== TASK DESCRIPTION ==
Exactly as they stand, set down the following records once more.

== RECORDS FOR THE TASK ==
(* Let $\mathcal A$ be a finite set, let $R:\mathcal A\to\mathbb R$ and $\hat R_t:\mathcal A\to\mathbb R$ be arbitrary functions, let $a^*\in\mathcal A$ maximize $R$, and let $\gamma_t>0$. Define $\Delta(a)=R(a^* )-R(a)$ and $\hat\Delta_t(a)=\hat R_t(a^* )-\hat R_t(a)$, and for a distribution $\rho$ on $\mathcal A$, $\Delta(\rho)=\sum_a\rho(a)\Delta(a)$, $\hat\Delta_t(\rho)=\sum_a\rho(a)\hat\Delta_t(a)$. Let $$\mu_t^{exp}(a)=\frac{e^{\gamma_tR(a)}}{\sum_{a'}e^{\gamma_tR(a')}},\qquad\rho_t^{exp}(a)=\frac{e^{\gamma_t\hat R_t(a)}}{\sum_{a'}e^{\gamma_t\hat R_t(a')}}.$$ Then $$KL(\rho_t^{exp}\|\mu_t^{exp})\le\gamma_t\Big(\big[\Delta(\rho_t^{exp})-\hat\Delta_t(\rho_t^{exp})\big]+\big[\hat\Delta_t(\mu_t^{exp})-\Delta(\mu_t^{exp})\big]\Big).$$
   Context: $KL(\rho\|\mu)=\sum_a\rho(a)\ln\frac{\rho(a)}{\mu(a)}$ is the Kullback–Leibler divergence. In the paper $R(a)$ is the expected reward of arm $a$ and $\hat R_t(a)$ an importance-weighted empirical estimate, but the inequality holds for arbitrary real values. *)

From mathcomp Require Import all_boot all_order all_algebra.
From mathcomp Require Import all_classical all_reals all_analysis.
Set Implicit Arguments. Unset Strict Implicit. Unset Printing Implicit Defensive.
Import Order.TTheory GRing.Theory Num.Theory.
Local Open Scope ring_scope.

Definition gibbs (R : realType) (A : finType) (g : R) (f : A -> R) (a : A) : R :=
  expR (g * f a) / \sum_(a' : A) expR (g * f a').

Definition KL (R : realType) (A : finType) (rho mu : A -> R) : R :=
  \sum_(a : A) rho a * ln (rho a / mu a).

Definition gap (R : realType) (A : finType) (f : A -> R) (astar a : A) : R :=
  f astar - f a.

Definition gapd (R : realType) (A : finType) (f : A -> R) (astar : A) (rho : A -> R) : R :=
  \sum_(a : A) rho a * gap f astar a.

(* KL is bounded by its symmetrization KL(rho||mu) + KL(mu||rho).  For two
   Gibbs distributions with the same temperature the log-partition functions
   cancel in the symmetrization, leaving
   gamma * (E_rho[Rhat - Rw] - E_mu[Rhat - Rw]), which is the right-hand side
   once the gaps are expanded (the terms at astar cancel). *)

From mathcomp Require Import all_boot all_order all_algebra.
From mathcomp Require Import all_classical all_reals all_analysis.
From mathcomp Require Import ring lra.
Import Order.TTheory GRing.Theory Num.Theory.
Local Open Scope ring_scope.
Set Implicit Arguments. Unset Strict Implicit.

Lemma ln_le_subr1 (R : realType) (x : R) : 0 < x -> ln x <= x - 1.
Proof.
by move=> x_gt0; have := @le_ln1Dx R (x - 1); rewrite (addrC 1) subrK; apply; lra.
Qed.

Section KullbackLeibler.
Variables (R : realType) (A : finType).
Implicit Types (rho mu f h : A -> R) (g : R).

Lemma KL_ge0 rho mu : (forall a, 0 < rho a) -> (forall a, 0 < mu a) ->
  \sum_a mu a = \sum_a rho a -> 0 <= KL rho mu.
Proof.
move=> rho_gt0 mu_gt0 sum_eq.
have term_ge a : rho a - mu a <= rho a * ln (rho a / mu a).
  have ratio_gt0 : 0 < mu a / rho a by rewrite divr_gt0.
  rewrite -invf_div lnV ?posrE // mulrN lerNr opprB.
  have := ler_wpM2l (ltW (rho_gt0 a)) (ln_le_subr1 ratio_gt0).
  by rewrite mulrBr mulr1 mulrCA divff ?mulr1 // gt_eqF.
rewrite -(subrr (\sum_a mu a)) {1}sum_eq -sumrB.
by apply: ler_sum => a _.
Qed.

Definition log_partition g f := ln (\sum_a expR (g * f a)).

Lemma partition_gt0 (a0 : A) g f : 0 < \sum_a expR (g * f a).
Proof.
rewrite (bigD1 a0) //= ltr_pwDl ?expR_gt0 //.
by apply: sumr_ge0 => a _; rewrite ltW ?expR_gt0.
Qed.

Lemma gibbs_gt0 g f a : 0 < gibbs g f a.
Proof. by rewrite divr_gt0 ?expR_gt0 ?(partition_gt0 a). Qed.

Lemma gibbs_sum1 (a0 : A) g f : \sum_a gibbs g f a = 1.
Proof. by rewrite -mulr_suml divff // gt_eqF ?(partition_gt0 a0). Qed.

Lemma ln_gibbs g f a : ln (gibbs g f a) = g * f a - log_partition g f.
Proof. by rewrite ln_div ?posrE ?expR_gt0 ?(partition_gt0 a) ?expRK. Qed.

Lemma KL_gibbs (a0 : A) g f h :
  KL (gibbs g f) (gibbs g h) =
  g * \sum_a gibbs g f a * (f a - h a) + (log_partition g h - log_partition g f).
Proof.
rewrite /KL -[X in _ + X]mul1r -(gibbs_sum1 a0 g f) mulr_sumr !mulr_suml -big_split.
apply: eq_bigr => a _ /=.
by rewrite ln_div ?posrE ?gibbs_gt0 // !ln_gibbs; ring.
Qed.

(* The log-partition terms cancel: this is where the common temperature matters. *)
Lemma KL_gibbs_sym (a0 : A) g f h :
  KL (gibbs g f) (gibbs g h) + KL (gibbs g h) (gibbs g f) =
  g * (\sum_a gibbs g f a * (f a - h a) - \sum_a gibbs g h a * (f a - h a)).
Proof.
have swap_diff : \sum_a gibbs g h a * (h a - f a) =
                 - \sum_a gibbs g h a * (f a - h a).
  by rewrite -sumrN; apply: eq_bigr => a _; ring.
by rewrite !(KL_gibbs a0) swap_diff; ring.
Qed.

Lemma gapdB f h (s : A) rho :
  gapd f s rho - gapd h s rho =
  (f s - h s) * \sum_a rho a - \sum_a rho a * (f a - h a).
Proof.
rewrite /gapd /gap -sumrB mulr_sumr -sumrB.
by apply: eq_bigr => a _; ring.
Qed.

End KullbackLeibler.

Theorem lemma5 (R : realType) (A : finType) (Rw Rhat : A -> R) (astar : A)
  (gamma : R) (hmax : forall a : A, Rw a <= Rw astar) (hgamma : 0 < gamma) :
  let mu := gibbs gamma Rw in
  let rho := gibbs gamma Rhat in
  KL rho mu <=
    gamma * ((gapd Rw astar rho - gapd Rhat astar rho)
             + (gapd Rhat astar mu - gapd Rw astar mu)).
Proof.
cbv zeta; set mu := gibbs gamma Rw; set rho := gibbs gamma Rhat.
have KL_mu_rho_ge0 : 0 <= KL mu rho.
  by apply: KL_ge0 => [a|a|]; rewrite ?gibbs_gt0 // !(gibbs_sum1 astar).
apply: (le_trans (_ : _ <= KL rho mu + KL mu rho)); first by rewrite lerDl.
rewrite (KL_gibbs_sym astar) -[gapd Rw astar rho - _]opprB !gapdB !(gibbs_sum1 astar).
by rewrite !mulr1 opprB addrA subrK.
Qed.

== ANSWER TO THIS EXERCISE ==
(* Let $\mathcal A$ be a finite set, let $R:\mathcal A\to\mathbb R$ and $\hat R_t:\mathcal A\to\mathbb R$ be arbitrary functions, let $a^*\in\mathcal A$ maximize $R$, and let $\gamma_t>0$. Define $\Delta(a)=R(a^* )-R(a)$ and $\hat\Delta_t(a)=\hat R_t(a^* )-\hat R_t(a)$, and for a distribution $\rho$ on $\mathcal A$, $\Delta(\rho)=\sum_a\rho(a)\Delta(a)$, $\hat\Delta_t(\rho)=\sum_a\rho(a)\hat\Delta_t(a)$. Let $$\mu_t^{exp}(a)=\frac{e^{\gamma_tR(a)}}{\sum_{a'}e^{\gamma_tR(a')}},\qquad\rho_t^{exp}(a)=\frac{e^{\gamma_t\hat R_t(a)}}{\sum_{a'}e^{\gamma_t\hat R_t(a')}}.$$ Then $$KL(\rho_t^{exp}\|\mu_t^{exp})\le\gamma_t\Big(\big[\Delta(\rho_t^{exp})-\hat\Delta_t(\rho_t^{exp})\big]+\big[\hat\Delta_t(\mu_t^{exp})-\Delta(\mu_t^{exp})\big]\Big).$$
   Context: $KL(\rho\|\mu)=\sum_a\rho(a)\ln\frac{\rho(a)}{\mu(a)}$ is the Kullback–Leibler divergence. In the paper $R(a)$ is the expected reward of arm $a$ and $\hat R_t(a)$ an importance-weighted empirical estimate, but the inequality holds for arbitrary real values. *)

From mathcomp Require Import all_boot all_order all_algebra.
From mathcomp Require Import all_classical all_reals all_analysis.
Set Implicit Arguments. Unset Strict Implicit. Unset Printing Implicit Defensive.
Import Order.TTheory GRing.Theory Num.Theory.
Local Open Scope ring_scope.

Definition gibbs (R : realType) (A : finType) (g : R) (f : A -> R) (a : A) : R :=
  expR (g * f a) / \sum_(a' : A) expR (g * f a').

Definition KL (R : realType) (A : finType) (rho mu : A -> R) : R :=
  \sum_(a : A) rho a * ln (rho a / mu a).

Definition gap (R : realType) (A : finType) (f : A -> R) (astar a : A) : R :=
  f astar - f a.

Definition gapd (R : realType) (A : finType) (f : A -> R) (astar : A) (rho : A -> R) : R :=
  \sum_(a : A) rho a * gap f astar a.

(* KL is bounded by its symmetrization KL(rho||mu) + KL(mu||rho).  For two
   Gibbs distributions with the same temperature the log-partition functions
   cancel in the symmetrization, leaving
   gamma * (E_rho[Rhat - Rw] - E_mu[Rhat - Rw]), which is the right-hand side
   once the gaps are expanded (the terms at astar cancel). *)

From mathcomp Require Import all_boot all_order all_algebra.
From mathcomp Require Import all_classical all_reals all_analysis.
From mathcomp Require Import ring lra.
Import Order.TTheory GRing.Theory Num.Theory.
Local Open Scope ring_scope.
Set Implicit Arguments. Unset Strict Implicit.

Lemma ln_le_subr1 (R : realType) (x : R) : 0 < x -> ln x <= x - 1.
Proof.
by move=> x_gt0; have := @le_ln1Dx R (x - 1); rewrite (addrC 1) subrK; apply; lra.
Qed.

Section KullbackLeibler.
Variables (R : realType) (A : finType).
Implicit Types (rho mu f h : A -> R) (g : R).

Lemma KL_ge0 rho mu : (forall a, 0 < rho a) -> (forall a, 0 < mu a) ->
  \sum_a mu a = \sum_a rho a -> 0 <= KL rho mu.
Proof.
move=> rho_gt0 mu_gt0 sum_eq.
have term_ge a : rho a - mu a <= rho a * ln (rho a / mu a).
  have ratio_gt0 : 0 < mu a / rho a by rewrite divr_gt0.
  rewrite -invf_div lnV ?posrE // mulrN lerNr opprB.
  have := ler_wpM2l (ltW (rho_gt0 a)) (ln_le_subr1 ratio_gt0).
  by rewrite mulrBr mulr1 mulrCA divff ?mulr1 // gt_eqF.
rewrite -(subrr (\sum_a mu a)) {1}sum_eq -sumrB.
by apply: ler_sum => a _.
Qed.

Definition log_partition g f := ln (\sum_a expR (g * f a)).

Lemma partition_gt0 (a0 : A) g f : 0 < \sum_a expR (g * f a).
Proof.
rewrite (bigD1 a0) //= ltr_pwDl ?expR_gt0 //.
by apply: sumr_ge0 => a _; rewrite ltW ?expR_gt0.
Qed.

Lemma gibbs_gt0 g f a : 0 < gibbs g f a.
Proof. by rewrite divr_gt0 ?expR_gt0 ?(partition_gt0 a). Qed.

Lemma gibbs_sum1 (a0 : A) g f : \sum_a gibbs g f a = 1.
Proof. by rewrite -mulr_suml divff // gt_eqF ?(partition_gt0 a0). Qed.

Lemma ln_gibbs g f a : ln (gibbs g f a) = g * f a - log_partition g f.
Proof. by rewrite ln_div ?posrE ?expR_gt0 ?(partition_gt0 a) ?expRK. Qed.

Lemma KL_gibbs (a0 : A) g f h :
  KL (gibbs g f) (gibbs g h) =
  g * \sum_a gibbs g f a * (f a - h a) + (log_partition g h - log_partition g f).
Proof.
rewrite /KL -[X in _ + X]mul1r -(gibbs_sum1 a0 g f) mulr_sumr !mulr_suml -big_split.
apply: eq_bigr => a _ /=.
by rewrite ln_div ?posrE ?gibbs_gt0 // !ln_gibbs; ring.
Qed.

(* The log-partition terms cancel: this is where the common temperature matters. *)
Lemma KL_gibbs_sym (a0 : A) g f h :
  KL (gibbs g f) (gibbs g h) + KL (gibbs g h) (gibbs g f) =
  g * (\sum_a gibbs g f a * (f a - h a) - \sum_a gibbs g h a * (f a - h a)).
Proof.
have swap_diff : \sum_a gibbs g h a * (h a - f a) =
                 - \sum_a gibbs g h a * (f a - h a).
  by rewrite -sumrN; apply: eq_bigr => a _; ring.
by rewrite !(KL_gibbs a0) swap_diff; ring.
Qed.

Lemma gapdB f h (s : A) rho :
  gapd f s rho - gapd h s rho =
  (f s - h s) * \sum_a rho a - \sum_a rho a * (f a - h a).
Proof.
rewrite /gapd /gap -sumrB mulr_sumr -sumrB.
by apply: eq_bigr => a _; ring.
Qed.

End KullbackLeibler.

Theorem lemma5 (R : realType) (A : finType) (Rw Rhat : A -> R) (astar : A)
  (gamma : R) (hmax : forall a : A, Rw a <= Rw astar) (hgamma : 0 < gamma) :
  let mu := gibbs gamma Rw in
  let rho := gibbs gamma Rhat in
  KL rho mu <=
    gamma * ((gapd Rw astar rho - gapd Rhat astar rho)
             + (gapd Rhat astar mu - gapd Rw astar mu)).
Proof.
cbv zeta; set mu := gibbs gamma Rw; set rho := gibbs gamma Rhat.
have KL_mu_rho_ge0 : 0 <= KL mu rho.
  by apply: KL_ge0 => [a|a|]; rewrite ?gibbs_gt0 // !(gibbs_sum1 astar).
apply: (le_trans (_ : _ <= KL rho mu + KL mu rho)); first by rewrite lerDl.
rewrite (KL_gibbs_sym astar) -[gapd Rw astar rho - _]opprB !gapdB !(gibbs_sum1 astar).
by rewrite !mulr1 opprB addrA subrK.
Qed.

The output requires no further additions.